> [Problem details]:
Scan the material for the string "respects" and copy out every line in which it occurs.

> [Recorded data]:

(* $\widetilde{\mathbb{R}}=\mathbb{R}^{\mathrm{alg}}$, i.e. $\widetilde{\mathbb{R}}$ equals the field of real numbers that are algebraic over $\mathbb{Q}$.
   Context: Let $K$ be a field. For $r\in K$, a finite set $A(r)$ with $\{r\}\subseteq A(r)\subseteq K$ is called adequate for $r$ if every mapping $f:A(r)\to K$ satisfying (1) if $1\in A(r)$ then $f(1)=1$; (2) if $a,b\in A(r)$ and $a+b\in A(r)$ then $f(a+b)=f(a)+f(b)$; (3) if $a,b\in A(r)$ and $a\cdot b\in A(r)$ then $f(a\cdot b)=f(a)\cdot f(b)$, also satisfies $f(r)=r$. $\widetilde{K}$ denotes the set of all $r\in K$ for which some finite set adequate for $r$ exists. $\mathbb{R}^{\mathrm{alg}}$ denotes the field of real algebraic numbers. *)

From HB Require Import structures.
From mathcomp Require Import all_boot all_order all_algebra.
From mathcomp Require Import all_classical all_reals.
Set Implicit Arguments. Unset Strict Implicit. Unset Printing Implicit Defensive.
Import Order.TTheory GRing.Theory Num.Theory.
Local Open Scope ring_scope.

(* The finite set A(r) is represented by a finite sequence A : seq K
   (its set of elements).  A mapping A -> K is represented by any
   f : K -> K (only its values on A matter; every map A -> K extends). *)

Definition respects (K : fieldType) (A : seq K) (f : K -> K) : Prop :=
  [/\ (1 \in A -> f 1 = 1),
      (forall a b, a \in A -> b \in A -> a + b \in A -> f (a + b) = f a + f b) &
      (forall a b, a \in A -> b \in A -> a * b \in A -> f (a * b) = f a * f b)].

Definition adequate (K : fieldType) (r : K) (A : seq K) : Prop :=
  r \in A /\ forall f : K -> K, respects A f -> f r = r.

Definition in_tilde (K : fieldType) (r : K) : Prop :=
  exists A : seq K, adequate r A.

From HB Require Import structures.
From mathcomp Require Import all_boot all_order all_algebra.
From mathcomp Require Import all_classical all_reals.
From mathcomp Require ordered_qelim qe_rcf qe_rcf_th.
From mathcomp Require Import polyrcf lra.
Set Implicit Arguments. Unset Strict Implicit. Unset Printing Implicit Defensive.
Import Order.TTheory GRing.Theory Num.Theory.
Local Open Scope ring_scope.

(* If [A] is adequate for [r], the values [g 0] over all maps [g] respecting the
   relations holding in [r :: A] form a set defined by an existential formula
   with no constants. By quantifier elimination it is a Boolean combination of
   sign conditions on polynomials over Q; when [r] is transcendental none of them
   vanishes at [r], so the set contains an interval [(r, r + d)], contradicting
   adequacy.
   Conversely, if [p(r) = 0] with [p] over Q, isolate [r] among the roots of [p]
   by rationals [a < r < b]. A set containing the integers needed to rebuild the
   coefficients of [p], [a] and [b], the Horner scheme of [p(r)], and square roots
   witnessing [a <= r <= b] forces [f r] to be a root of [p] in [[a, b]], that is
   [f r = r]. *)

Module O := ordered_qelim.ord.
Module Q := qe_rcf.
Import -(notations) ordered_qelim.ord.

(* The quantifier elimination of [qe_rcf] only introduces rational constants
   (the coefficients of Tarski queries); the lemmas below follow its procedures. *)
Section RationalConstants.
Variable F : realFieldType.

Definition is_rat (c : F) := exists q : rat, c = ratr q.

Lemma is_rat_nat n : is_rat n%:R. Proof. by exists n%:R; rewrite rmorph_nat. Qed.
Lemma is_rat_int (z : int) : is_rat z%:~R.
Proof. by exists z%:~R; rewrite rmorph_int. Qed.
Lemma is_rat0 : is_rat 0. Proof. by exists 0; rewrite rmorph0. Qed.

Lemma is_ratN c : is_rat c -> is_rat (- c).
Proof. by case=> q ->; exists (- q); rewrite rmorphN. Qed.

Fixpoint rat_term (t : GRing.term F) : Prop :=
  match t with
  | GRing.Const c => is_rat c
  | GRing.Var _ | GRing.NatConst _ => Logic.True
  | GRing.Add u v | GRing.Mul u v => rat_term u /\ rat_term v
  | GRing.Opp u | GRing.Inv u | GRing.NatMul u _ | GRing.Exp u _ => rat_term u
  end.

Fixpoint rat_form (f : O.formula F) : Prop :=
  match f with
  | O.Bool _ => Logic.True
  | O.Equal a b | O.Lt a b | O.Le a b => rat_term a /\ rat_term b
  | O.Unit a => rat_term a
  | O.And f g | O.Or f g | O.Implies f g => rat_form f /\ rat_form g
  | O.Not f | O.Exists _ f | O.Forall _ f => rat_form f
  end.
(* Let $R$ be a commutative Bézout ring such that for every $a\in R\setminus J(R)$ the set $Z(a)$ of maximal ideals of $R$ containing $a$ is finite. Then $R$ is strongly completable: for every $n\ge 2$ and all $a_1,\dots,a_n,d\in R$ with $a_1R+\cdots+a_nR=dR$, there is an $n\times n$ matrix over $R$ with first row $(a_1,\dots,a_n)$ and determinant $d$.
   Context: All rings are commutative with identity; $J(R)$ denotes the Jacobson radical. A ring is Bézout if every finitely generated ideal is principal. *)

From mathcomp Require Import all_boot all_order all_algebra.
Set Implicit Arguments. Unset Strict Implicit. Unset Printing Implicit Defensive.
Import GRing.Theory.
Local Open Scope ring_scope.

Definition is_ideal (R : comPzRingType) (I : R -> Prop) : Prop :=
  [/\ I 0, (forall x y, I x -> I y -> I (x + y)) &
      (forall r x, I x -> I (r * x))].

Definition is_maximal_ideal (R : comPzRingType) (M : R -> Prop) : Prop :=
  [/\ is_ideal M, ~ M 1 &
      (forall I : R -> Prop, is_ideal I -> (forall x, M x -> I x) ->
         (forall x, I x <-> M x) \/ (forall x, I x))].

Definition jacobson (R : comPzRingType) (x : R) : Prop :=
  forall M : R -> Prop, is_maximal_ideal M -> M x.

Definition finite_Z (R : comPzRingType) (a : R) : Prop :=
  exists (k : nat) (f : nat -> R -> Prop),
    forall M : R -> Prop, is_maximal_ideal M -> M a ->
      exists2 i, (i < k)%N & forall x, M x <-> f i x.

Definition in_gen_ideal (R : comPzRingType) (n : nat) (a : 'I_n -> R) (x : R)
  : Prop := exists c : 'I_n -> R, x = \sum_(i < n) a i * c i.

Definition bezout_ring (R : comPzRingType) : Prop :=
  forall (n : nat) (a : 'I_n -> R), exists d : R,
    forall x, in_gen_ideal a x <-> exists r, x = d * r.

Definition strongly_completable (R : comPzRingType) : Prop :=
  forall (n : nat) (a : 'I_n.+2 -> R) (d : R),
    (forall x, in_gen_ideal a x <-> exists r, x = d * r) ->
    exists A : 'M[R]_n.+2, (forall j, A ord0 j = a j) /\ \det A = d.

(* If x = g x', y = g y' and g = x s + y t, then (x', y', c) with c = 1 - x' s - y' t
   is unimodular and g c = 0.  Avoiding, one at a time, the finitely many maximal ideals
   containing y' (or x', whichever is outside J(R)), some translate x' + c r becomes
   comaximal to y'; if both lie in J(R), c is a unit.  Translating by multiples of c does
   not change g x' and g y', so every row factors as g b with b unimodular.  Then
   a = (a_0, g b) is completed with determinant sum_i a_i c_i by the product of
   [[a_0, g], [-t, c_0]] (+) I and 1 (+) B, where B completes b with determinant 1 and
   t = sum_j b_j c_(j+1). *)

From mathcomp Require Import all_boot all_order all_algebra.
From mathcomp Require Import ring.
From mathcomp Require Import boolp classical_sets.
Set Implicit Arguments. Unset Strict Implicit. Unset Printing Implicit Defensive.
Import GRing.Theory.
Local Open Scope ring_scope.

Section Ideals.
Variable R : comPzRingType.
Implicit Types (I J M N : R -> Prop) (x y r : R).

Lemma ideal0 I : is_ideal I -> I 0.
Proof. by case. Qed.

Lemma idealD I x y : is_ideal I -> I x -> I y -> I (x + y).
Proof. by case=> _ + _; apply. Qed.

Lemma idealMl I r x : is_ideal I -> I x -> I (r * x).
Proof. by case=> _ _; apply. Qed.

Lemma idealMr I x r : is_ideal I -> I x -> I (x * r).
Proof. by rewrite mulrC; apply: idealMl. Qed.

Lemma idealB I x y : is_ideal I -> I x -> I y -> I (x - y).
Proof. by move=> iI Ix Iy; apply: idealD => //; rewrite -mulN1r; apply: idealMl. Qed.

Lemma ideal1 I x : is_ideal I -> I 1 -> I x.
Proof. by move=> iI I1; rewrite -[x]mulr1; apply: idealMl. Qed.

Definition proper_ideal_over I J := [/\ is_ideal J, ~ J 1 & forall x, I x -> J x].

Lemma bigcup_chain_proper_ideal_over I (F : set (set R)) X0 :
  (F `<=` proper_ideal_over I)%classic -> total_on F subset -> F X0 ->
  proper_ideal_over I (\bigcup_(X in F) X)%classic.
Proof.
move=> FP Ftot FX0; have [iX0 _ IX0] := FP X0 FX0; split.
- split; first by exists X0 => //; exact: ideal0 iX0.
  + move=> x y [X FX Xx] [Y FY Yy]; have [iX _ _] := FP X FX; have [iY _ _] := FP Y FY.
    have [XY|YX] := Ftot X Y FX FY.
    * by exists Y => //; apply: idealD => //; apply: XY.
    * by exists X => //; apply: idealD => //; apply: YX.
  + move=> r x [X FX Xx]; have [iX _ _] := FP X FX.
    by exists X => //; apply: idealMl.
- by move=> [X FX X1]; have [_ nX1 _] := FP X FX.
- by move=> x Ix; exists X0 => //; apply: IX0.
Qed.

Lemma exists_maximal_ideal I : is_ideal I -> ~ I 1 ->
  exists2 M, is_maximal_ideal M & forall x, I x -> M x.
Proof.
move=> iI nI1.
(* [set0] is admitted so that the empty chain has an upper bound. *)
pose P X := X = set0 \/ proper_ideal_over I X.
have chainP (F : set (set R)) : (F `<=` P)%classic -> total_on F subset ->
    P (\bigcup_(X in F) X)%classic.
  move=> FP Ftot.
  have [[X0 FX0 pX0]|noP] := pselect (exists2 X, F X & proper_ideal_over I X).
    right; have -> : (\bigcup_(X in F) X = \bigcup_(X in F `&` proper_ideal_over I) X)%classic.
      apply/seteqP; split=> x [X FX Xx]; exists X => //; last by case: FX.
      by split=> //; case: (FP X FX) => // eX; rewrite eX in Xx.
    apply: (@bigcup_chain_proper_ideal_over _ _ X0) => //.
    by move=> X Y [FX _] [FY _]; apply: Ftot.
  left; apply/seteqP; split=> x // [X FX Xx].
  by case: (FP X FX) => [eX|pX]; [rewrite eX in Xx|case: noP; exists X].
have [A [[A0|[iA nA1 IA]] Amax]] := Zorn_bigcup chainP.
  exfalso; apply: (Amax I); last by right.
  by rewrite A0; split=> // IA; have := IA 0 (ideal0 iI).
exists A => //; split=> // J iJ AJ.
have [J1|nJ1] := pselect (J 1); first by right=> x; apply: ideal1.
left=> x; split=> [Jx|]; last exact: AJ.
have [//|nAx] := pselect (A x).
exfalso; apply: (Amax J); last by right; split=> // y /IA /AJ.
by split=> [y /AJ //|JA]; apply/nAx/(JA x Jx).
Qed.

Lemma maximal_ideal_prime M x y : is_maximal_ideal M -> M (x * y) -> ~ M x -> M y.
Proof.
move=> [iM _ maxM] Mxy nMx.
pose J z := exists m w, M m /\ z = m + x * w.
have iJ : is_ideal J.
  split; first by exists 0, 0; rewrite mulr0 addr0; split=> //; apply: ideal0.
  - move=> _ _ [m [w [Mm ->]]] [m' [w' [Mm' ->]]].
    by exists (m + m'), (w + w'); split; [apply: idealD|ring].
  - move=> r _ [m [w [Mm ->]]].
    by exists (r * m), (r * w); split; [apply: idealMl|ring].
have MJ z : M z -> J z by exists z, 0; rewrite mulr0 addr0.
case: (maxM J iJ MJ) => [JM|J1].
  by case: nMx; apply/JM; exists 0, 1; rewrite mulr1 add0r; split=> //; apply: ideal0.
have [m [w [Mm e1]]] := J1 1.
have -> : y = y * m + w * (x * y) by rewrite -[y in LHS]mulr1 e1; ring.
by apply: idealD => //; apply: idealMl.
Qed.

Lemma maximal_ideal_neq M N : is_maximal_ideal M -> is_maximal_ideal N -> M <> N ->
  exists2 w, M w & ~ N w.
Proof.
move=> [_ _ maxM] [iN nN1 _] neMN.
have [[w Mw nNw]|noMN] := pselect (exists2 w, M w & ~ N w); first by exists w.
have MN z : M z -> N z by move=> Mz; apply: contra_notP noMN => nNz; exists z.
case: (maxM N iN MN) => [NM|N1]; last by case: nN1; apply: N1.
by case: neMN; apply/funext => z; apply/propext; split=> [/MN|/NM].
Qed.

Definition comaximal x y := exists p q, x * p + y * q = 1.

Lemma comaximal_sym x y : comaximal x y -> comaximal y x.
Proof. by move=> [p [q e]]; exists q, p; rewrite addrC. Qed.

Lemma comaximal_of_maximal x y :
  (forall M, is_maximal_ideal M -> M x -> M y -> False) -> comaximal x y.
Proof.
move=> noM; have [//|ncomax] := pselect (comaximal x y); exfalso.
pose J z := exists p q, z = x * p + y * q.
have iJ : is_ideal J.
  split; first by exists 0, 0; ring.
  - by move=> _ _ [p [q ->]] [p' [q' ->]]; exists (p + p'), (q + q'); ring.
  - by move=> r _ [p [q ->]]; exists (r * p), (r * q); ring.
have nJ1 : ~ J 1 by move=> [p [q e]]; apply: ncomax; exists p, q.
have [M maxM JM] := exists_maximal_ideal iJ nJ1.
by apply: (noM M maxM); apply: JM; [exists 1, 0|exists 0, 1]; ring.
Qed.

Lemma maximal_ideals_separate M0 k (f : nat -> R -> Prop) (Q : nat -> Prop) :
  is_maximal_ideal M0 ->
  (forall i, (i < k)%N -> Q i -> is_maximal_ideal (f i) /\ f i <> M0) ->
  exists2 z, ~ M0 z & forall i, (i < k)%N -> Q i -> f i z.
Proof.
move=> maxM0; elim: k => [|k IH] hf.
  by exists 1 => [|i]; [case: maxM0|rewrite ltn0].
have [z nM0z fz] : exists2 z, ~ M0 z & forall i, (i < k)%N -> Q i -> f i z.
  by apply: IH => i lt_ik; apply: hf; apply: ltnW.
have [Qk|nQk] := pselect (Q k); last first.
  by exists z => // i; rewrite ltnS leq_eqVlt => /orP[/eqP->|/fz].
have [maxfk neq_fkM0] := hf k (ltnSn k) Qk.
have [w fkw nM0w] := maximal_ideal_neq maxfk maxM0 neq_fkM0.
exists (z * w) => [/(maximal_ideal_prime maxM0)/(_ nM0z)//|i].
rewrite ltnS leq_eqVlt => /orP[/eqP-> _|lt_ik Qi].
  by apply: idealMl => //; case: maxfk.
have [[ifi _ _] _] := hf i (ltnW lt_ik) Qi.
by apply: idealMr => //; apply: fz.
Qed.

> [Solved problem]:
Definition respects (K : fieldType) (A : seq K) (f : K -> K) : Prop :=
  r \in A /\ forall f : K -> K, respects A f -> f r = r.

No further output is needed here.